“你积攒了这么多的怨气,现在还指望他们来救你?你觉得他们是傻子,还是你自己是傻子?”
李修的话,让李成冷汗直流。
这些事情,他确实都做过。
可……可这些都是帝王心术,是驾驭臣下的手段,李修一个只知道打仗的武夫,他怎么会知道得这么清楚?
就在李成惊疑不定的时候,李修随口报出了一个名字。
“比如说,淮南王。他那个不成器的世子,去年在京城喝花酒,打死了人,被你的人秘密扣在了大理寺的天牢里,至今没放吧?”
“你拿这个当把柄,逼着淮南王每年给你上供三十万两雪花银。这件事,除了你和你的心腹,应该没几个人知道吧?”
“轰!”
这个名字,这个地点,这个数字,就像一道闪电,狠狠地劈在了李成的天灵盖上。
他整个人都僵住了,瞳孔因为极度的震惊而猛地收缩。
他……他怎么会知道?!
这件事,是自己亲自下令,由孙青一手操办的,绝对的机密!
李修一个远在北疆的藩王,他怎么可能知道得如此详细?
李成猛地扭头,看向同样面如死灰的孙青。
孙青此刻已经吓得瘫软在地,身体抖得像筛糠一样,连连摆手,哭喊道:“皇上!奴才没有!奴才对您忠心耿耿,绝不敢背叛您啊!”
李修看都懒得看他一眼,继续用那种平淡到令人发指的语气,说出了第二个秘密。
“还有,两江总督刘源,去年江南水患,你派钦差去赈灾,结果呢?赈灾的银子没见多少,倒是从刘源手里,‘查抄’出了足足两百万两的‘不义之财’,直接运进了你的内库。
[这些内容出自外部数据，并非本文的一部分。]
(* Let $a,b,c>0$ be constants. For given constants $y_0>0$ and $z_0>0$ consider the free boundary problem of finding $\hat{x}>0$ and a function $y$ on $[0,\hat x]$ with \[ b y' - a y'' - c = 0 \ \ (0<x<\hat{x}),\qquad y(\hat{x})=0,\qquad y(0)=-y_0,\qquad y'(\hat{x})=z_0 . \] Then there exists a unique such pair $(y,\hat{x})$ with $\hat x>0$. Moreover, $\hat{x}=\hat{x}(y_0,z_0)$ is strictly increasing in $y_0$ and strictly decreasing in $z_0$, and there is $\hat{x}_c(y_0)>0$ such that \[ \lim_{y_0\to\infty}\hat{x}(y_0,z_0)=\infty,\quad \lim_{y_0\downarrow 0}\hat{x}(y_0,z_0)=0\quad\text{for every } z_0>0, \] \[ \lim_{z_0\to\infty}\hat{x}(y_0,z_0)=0,\quad \lim_{z_0\downarrow 0}\hat{x}(y_0,z_0)=\hat{x}_c(y_0)\quad\text{for every } y_0>0 . \] The function $\hat{x}_c$ is strictly increasing with $\lim_{y_0\to 0}\hat{x}_c(y_0)=0$ and $\lim_{y_0\to\infty}\hat{x}_c(y_0)=\infty$. All dependences on $y_0$ and $z_0$ are analytic. *)

From Stdlib Require Import Reals.
From Coquelicot Require Import Coquelicot.
Open Scope R_scope.

(* (y, xh) solves the free boundary problem with data (a,b,c,y0,z0):
   y is a function on [0,xh] (represented as y : R -> R, only values on
   [0,xh] matter), twice differentiable on (0,xh) with
   b y' - a y'' - c = 0 there, continuous at 0 from the right,
   y(xh) = 0, y(0) = -y0, and the (left) derivative of y at xh is z0. *)
Definition fbp_sol (a b c y0 z0 : R) (y : R -> R) (xh : R) : Prop :=
  (exists dy ddy : R -> R,
     forall x, 0 < x < xh ->
       is_derive y x (dy x) /\ is_derive dy x (ddy x) /\
       b * dy x - a * ddy x - c = 0) /\
  filterlim y (at_right 0) (locally (y 0)) /\
  y xh = 0 /\
  y 0 = - y0 /\
  filterlim (fun h => (y (xh + h) - y xh) / h) (at_left 0) (locally z0).

Definition analytic_on (U : R -> Prop) (f : R -> R) : Prop :=
  forall p, U p -> exists (coef : nat -> R) (r : R), 0 < r /\
    forall t, Rabs (t - p) < r -> is_pseries coef (t - p) (f t).

Definition analytic2_on (U : R -> R -> Prop) (f : R -> R -> R) : Prop :=
  forall p q, U p q -> exists (coef : nat -> nat -> R) (r : R), 0 < r /\
    forall u v, Rabs (u - p) < r -> Rabs (v - q) < r ->
      (forall i, ex_series (fun j => Rabs (coef i j) * Rabs (u - p) ^ i * Rabs (v - q) ^ j)) /\
      ex_series (fun i => Series (fun j => Rabs (coef i j) * Rabs (u - p) ^ i * Rabs (v - q) ^ j)) /\
      is_series (fun i => Series (fun j => coef i j * (u - p) ^ i * (v - q) ^ j)) (f u v).

From Stdlib Require Import Reals Lra Lia Psatz FunctionalExtensionality ClassicalEpsilon.
From Coquelicot Require Import Coquelicot.
Open Scope R_scope.

(* Integrating [a y'' = b y' - c] over [0, x] with [y' x = z] shows that the solution rises by
   [rise k A x z = A x - (A - z) (1 - exp (- k x)) / k] on [0, x], where [k = b / a] and
   [A = c / b]; so the free boundary is the root [xhat y0 z0] of [rise k A x z0 = y0].
   As [rise] vanishes at [x = 0] and is strictly increasing in [x] and in [z], the root exists,
   is unique, and monotonicity and all limits follow by comparison, with [xhat_c y0 = xhat y0 0].
   For analyticity, along [z = z0 + w] the triple [(xhat, exp (- k xhat), 1 / d_x rise)] solves
   a polynomial ODE system, and along [y = y0 + tau] it solves another one whose Taylor
   coefficients in [tau] are power series in [w]. The formal power series solutions of both
   systems are majorized by [C M^n / (n + 1)^2], a form preserved by Cauchy products (up to the
   constant 8) and, for [M] large, by the recursion [a (n + 1) = d n / (n + 1)]; so they
   converge, and first integrals of the systems identify their sums with [xhat]. *)

Ltac nonneg := repeat (apply Rplus_le_le_0_compat || apply Rmult_le_pos); try apply Rabs_pos; lra.

(** * Weighted majorants *)

Definition weight (n : nat) : R := / (INR n + 1) ^ 2.

Lemma weight_pos n : 0 < weight n.
Proof. unfold weight. pose proof (pos_INR n). apply Rinv_0_lt_compat. nra. Qed.

Lemma weight_0 : weight 0 = 1.
Proof. unfold weight. simpl. field. Qed.

Lemma weight_le_1 n : weight n <= 1.
Proof.
  unfold weight. pose proof (pos_INR n). rewrite <- Rinv_1.
  apply Rinv_le_contravar; nra.
Qed.

Lemma weight_le_succ n : weight n <= 4 * weight (S n).
Proof.
  unfold weight. rewrite S_INR. pose proof (pos_INR n).
  replace (4 * / (INR n + 1 + 1) ^ 2) with (/ ((INR n + 2) ^ 2 / 4)) by (field; lra).
  apply Rinv_le_contravar; nra.
Qed.

Lemma weight_div_succ n : weight n / INR (S n) <= 4 * weight (S n).
Proof.
  pose proof (weight_le_succ n). pose proof (weight_pos n).
  assert (H1 : 1 <= INR (S n)) by (rewrite S_INR; pose proof (pos_INR n); lra).
  apply Rle_trans with (weight n); [|lra].
  unfold Rdiv. rewrite <- (Rmult_1_r (weight n)) at 2.
  apply Rmult_le_compat_l; [lra|]. rewrite <- Rinv_1. apply Rinv_le_contravar; lra.
Qed.

Lemma sum_weight_le n : sum_f_R0 weight n <= 2 - / (INR n + 1).
Proof.
  induction n as [|n IH]; [unfold weight; simpl; lra|].
  rewrite tech5, S_INR. pose proof (pos_INR n).
  assert (weight (S n) <= / (INR n + 1) - / (INR n + 1 + 1)).
  { unfold weight. rewrite S_INR.
    replace (/ (INR n + 1) - / (INR n + 1 + 1)) with (/ ((INR n + 1) * (INR n + 1 + 1))) by (field; lra).
    apply Rinv_le_contravar; nra. }
  lra.
Qed.

(* With [u = l + 1] and [v = n - l + 1] this is [(u + v)^2 <= 2 (u^2 + v^2)]. *)
Lemma weight_mul_le n l : (l <= n)%nat ->
  weight l * weight (n - l) <= 2 / (INR n + 2) ^ 2 * (weight l + weight (n - l)).
Proof.
  intros Hl. unfold weight. rewrite minus_INR by lia.
  pose proof (le_INR _ _ Hl). pose proof (pos_INR l).
  set (u := INR l + 1). set (v := INR n - INR l + 1).
  assert (Hu : 0 < u) by (unfold u; lra). assert (Hv : 0 < v) by (unfold v; lra).
  replace (INR n + 2) with (u + v) by (unfold u, v; lra).
  replace (/ u ^ 2 * / v ^ 2) with (/ (u ^ 2 * v ^ 2)) by (field; lra).
  replace (2 / (u + v) ^ 2 * (/ u ^ 2 + / v ^ 2))
    with (/ ((u + v) ^ 2 * (u ^ 2 * v ^ 2) / (2 * (u ^ 2 + v ^ 2)))) by (field; repeat split; nra).
  assert (Huv : 0 < u ^ 2 * v ^ 2) by (apply Rmult_lt_0_compat; apply pow_lt; lra).
  assert (Hs : 0 < (u + v) ^ 2) by (apply pow_lt; lra).
  apply Rinv_le_contravar; [apply Rdiv_lt_0_compat; [apply Rmult_lt_0_compat|]; nra|].
  apply (Rmult_le_reg_r (2 * (u ^ 2 + v ^ 2))); [nra|].
  unfold Rdiv. rewrite Rmult_assoc, Rinv_l, Rmult_1_r by nra.
  rewrite Rmult_comm. apply Rmult_le_compat_l; [lra|].
  assert (0 <= (u - v) ^ 2) by apply pow2_ge_0. nra.
Qed.

Lemma weight_conv_le n : sum_f_R0 (fun l => weight l * weight (n - l)) n <= 8 * weight n.
Proof.
  eapply Rle_trans; [apply sum_Rle; intros l Hl; apply (weight_mul_le n l Hl)|].
  rewrite (sum_eq _ (fun l => (weight l + weight (n - l)) * (2 / (INR n + 2) ^ 2))) by (intros; ring).
  rewrite <- scal_sum, plus_sum, sum_f_R0_skip.
  pose proof (sum_weight_le n). pose proof (pos_INR n).
  assert (0 < / (INR n + 1)) by (apply Rinv_0_lt_compat; lra).
  assert (Hp : 0 <= 2 / (INR n + 2) ^ 2) by (apply Rdiv_le_0_compat; nra).
  apply Rle_trans with (2 / (INR n + 2) ^ 2 * 4); [apply Rmult_le_compat_l; lra|].
  unfold weight. replace (2 / (INR n + 2) ^ 2 * 4) with (8 * / (INR n + 2) ^ 2) by (field; lra).
  apply Rmult_le_compat_l; [lra|]. apply Rinv_le_contravar; nra.
Qed.

Definition majorized_upto (a : nat -> R) (C M : R) (n : nat) : Prop :=
  forall l, (l <= n)%nat -> Rabs (a l) <= C * M ^ l * weight l.

Definition majorized (a : nat -> R) (C M : R) : Prop := forall n, majorized_upto a C M n.

Definition has_majorant (a : nat -> R) (M : R) : Prop := exists C, majorized a C M.

Section Majorants.

Variables (M : R) (n : nat).

Lemma majorized_upto_ge0 a C : majorized_upto a C M n -> 0 <= C.
Proof.
  intros H. specialize (H 0%nat (Nat.le_0_l _)). rewrite weight_0 in H. simpl in H.
  pose proof (Rabs_pos (a 0%nat)). lra.
Qed.

Lemma majorized_upto_weaken a C C' : 0 <= M -> C <= C' ->
  majorized_upto a C M n -> majorized_upto a C' M n.
Proof.
  intros M_ge0 HC H l Hl. eapply Rle_trans; [apply H, Hl|].
  pose proof (weight_pos l). pose proof (pow_le M l M_ge0).
  apply Rmult_le_compat_r; [lra|]. apply Rmult_le_compat_r; lra.
Qed.

Lemma majorized_upto_mult a b Ca Cb : 0 <= M -> majorized_upto a Ca M n -> majorized_upto b Cb M n ->
  majorized_upto (PS_mult a b) (8 * Ca * Cb) M n.
Proof.
  intros M_ge0 Ha Hb l Hl. unfold PS_mult.
  pose proof (majorized_upto_ge0 _ _ Ha). pose proof (majorized_upto_ge0 _ _ Hb).
  eapply Rle_trans; [apply sum_f_R0_triangle|].
  eapply Rle_trans.
  { apply sum_Rle. intros i Hi. rewrite Rabs_mult.
    apply Rmult_le_compat; try apply Rabs_pos; [apply Ha | apply Hb]; lia. }
  rewrite (sum_eq _ (fun i => (weight i * weight (l - i)) * (Ca * Cb * M ^ l))).
  2: { intros i Hi. replace (M ^ l) with (M ^ i * M ^ (l - i)); [ring|].
       rewrite <- pow_add. f_equal. lia. }
  rewrite <- scal_sum.
  replace (8 * Ca * Cb * M ^ l * weight l) with (Ca * Cb * M ^ l * (8 * weight l)) by ring.
  apply Rmult_le_compat_l; [pose proof (pow_le M l M_ge0); repeat apply Rmult_le_pos; lra | apply weight_conv_le].
Qed.

Lemma majorized_upto_plus a b Ca Cb : majorized_upto a Ca M n -> majorized_upto b Cb M n ->
  majorized_upto (PS_plus a b) (Ca + Cb) M n.
Proof.
  intros Ha Hb l Hl. eapply Rle_trans; [apply Rabs_triang|].
  specialize (Ha l Hl). specialize (Hb l Hl). lra.
Qed.

Lemma majorized_upto_scal c a C : majorized_upto a C M n ->
  majorized_upto (PS_scal c a) (Rabs c * C) M n.
Proof.
  intros Ha l Hl. change (Rabs (c * a l) <= Rabs c * C * M ^ l * weight l).
  rewrite Rabs_mult, !Rmult_assoc. apply Rmult_le_compat_l; [apply Rabs_pos|].
  rewrite <- !Rmult_assoc. apply Ha, Hl.
Qed.

Lemma majorized_upto_minus a b Ca Cb : majorized_upto a Ca M n -> majorized_upto b Cb M n ->
  majorized_upto (PS_minus a b) (Ca + Cb) M n.
Proof.
  intros Ha Hb l Hl. change (Rabs (a l - b l) <= (Ca + Cb) * M ^ l * weight l).
  eapply Rle_trans; [apply Rabs_triang|]. rewrite Rabs_Ropp.
  specialize (Ha l Hl). specialize (Hb l Hl). lra.
Qed.

Lemma majorized_upto_incr_1 a C : 1 <= M -> majorized_upto a C M n ->
  majorized_upto (PS_incr_1 a) (4 * C) M n.
Proof.
  intros HM Ha [|l] Hl; pose proof (majorized_upto_ge0 _ _ Ha).
  - change (Rabs 0 <= 4 * C * M ^ 0 * weight 0). rewrite Rabs_R0, weight_0. simpl. lra.
  - change (Rabs (a l) <= 4 * C * M ^ S l * weight (S l)).
    pose proof (weight_le_succ l). pose proof (weight_pos l). pose proof (pow_le M l ltac:(lra)).
    eapply Rle_trans; [apply Ha; lia|]. simpl.
    replace (4 * C * (M * M ^ l) * weight (S l)) with (C * (M * M ^ l) * (4 * weight (S l))) by ring.
    apply Rmult_le_compat; [nra | lra | apply Rmult_le_compat_l; nra | lra].
Qed.

End Majorants.

(* The induction step for coefficients defined by [a (n + 1) = d n / (n + 1)];
   [X] is the extra factor of the two-variable majorants. *)
Lemma majorant_step_bound d c C M n X : 0 <= c -> 0 <= X -> 0 < M -> 4 * c <= C * M ->
  Rabs d <= c * M ^ n * weight n * X ->
  Rabs (d / INR (S n)) <= C * M ^ S n * weight (S n) * X.
Proof.
  intros Hc HX HM HcC Hd.
  assert (Hn : 0 < INR (S n)) by (apply lt_0_INR; lia).
  pose proof (weight_div_succ n). pose proof (weight_pos n). pose proof (weight_pos (S n)).
  pose proof (pow_lt M n HM).
  unfold Rdiv. rewrite Rabs_mult, Rabs_inv, (Rabs_right (INR (S n))) by lra.
  apply Rle_trans with (c * M ^ n * X * (weight n / INR (S n))).
  { unfold Rdiv. replace (c * M ^ n * X * (weight n * / INR (S n)))
      with (c * M ^ n * weight n * X * / INR (S n)) by ring.
    apply Rmult_le_compat_r; [left; apply Rinv_0_lt_compat|]; lra. }
  apply Rle_trans with (c * M ^ n * X * (4 * weight (S n))).
  { apply Rmult_le_compat_l; [repeat apply Rmult_le_pos|]; lra. }
  simpl. replace (c * M ^ n * X * (4 * weight (S n))) with (4 * c * (M ^ n * X * weight (S n))) by ring.
  replace (C * (M * M ^ n) * weight (S n) * X) with (C * M * (M ^ n * X * weight (S n))) by ring.
  apply Rmult_le_compat_r; [repeat apply Rmult_le_pos|]; lra.
Qed.

Lemma majorized_upto_succ (a d : nat -> R) c C M n : 0 <= c -> 0 < M -> 4 * c <= C * M ->
  a (S n) = d n / INR (S n) -> majorized_upto a C M n -> majorized_upto d c M n ->
  majorized_upto a C M (S n).
Proof.
  intros Hc HM HcC Ha Hn Hd l Hl. destruct (Nat.eq_dec l (S n)) as [->|]; [|apply Hn; lia].
  rewrite Ha, <- (Rmult_1_r (C * _ * _)).
  apply majorant_step_bound with c; try lra. rewrite Rmult_1_r. apply Hd, le_n.
Qed.

Lemma majorized_le_geom a C M : 0 <= M -> majorized a C M -> forall n, Rabs (a n) <= C * M ^ n.
Proof.
  intros HM H n. pose proof (majorized_upto_ge0 M n a C (H n)).
  specialize (H n n (le_n n)). pose proof (weight_le_1 n). pose proof (weight_pos n).
  pose proof (pow_le M n HM). assert (0 <= C * M ^ n) by nra. nra.
Qed.

Lemma has_majorant_mult a b M : 0 <= M -> has_majorant a M -> has_majorant b M ->
  has_majorant (PS_mult a b) M.
Proof. intros HM [Ca Ha] [Cb Hb]. exists (8 * Ca * Cb). intros n. apply majorized_upto_mult; auto. Qed.

Lemma has_majorant_plus a b M : 0 <= M -> has_majorant a M -> has_majorant b M ->
  has_majorant (PS_plus a b) M.
Proof. intros HM [Ca Ha] [Cb Hb]. exists (Ca + Cb). intros n. apply majorized_upto_plus; auto. Qed.

Lemma has_majorant_minus a b M : 0 <= M -> has_majorant a M -> has_majorant b M ->
  has_majorant (PS_minus a b) M.
Proof. intros HM [Ca Ha] [Cb Hb]. exists (Ca + Cb). intros n. apply majorized_upto_minus; auto. Qed.

Lemma has_majorant_scal c a M : 0 <= M -> has_majorant a M -> has_majorant (PS_scal c a) M.
Proof. intros HM [C Ha]. exists (Rabs c * C). intros n. apply majorized_upto_scal; auto. Qed.

Lemma has_majorant_incr_1 a M : 1 <= M -> has_majorant a M -> has_majorant (PS_incr_1 a) M.
Proof. intros HM [C Ha]. exists (4 * C). intros n. apply majorized_upto_incr_1; auto; lra. Qed.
”
“这笔钱,户部可没入账吧?你用这笔钱,给你自己修了座万春园,对不对?”
如果说第一个秘密让李成震惊,那这第二个秘密,就让他感到了彻骨的寒意。
这件事,知道的人更少!
连孙青都只知道大概,具体的数额和用处,只有他自己一个人清楚!
李修……他到底是怎么知道的?
李成如遭雷击,面如土色,呆呆地看着李修,嘴巴张了张,却一个字都说不出来。
而孙青等人,更是倒吸了一口凉气,身体抖得如同秋风中的落叶。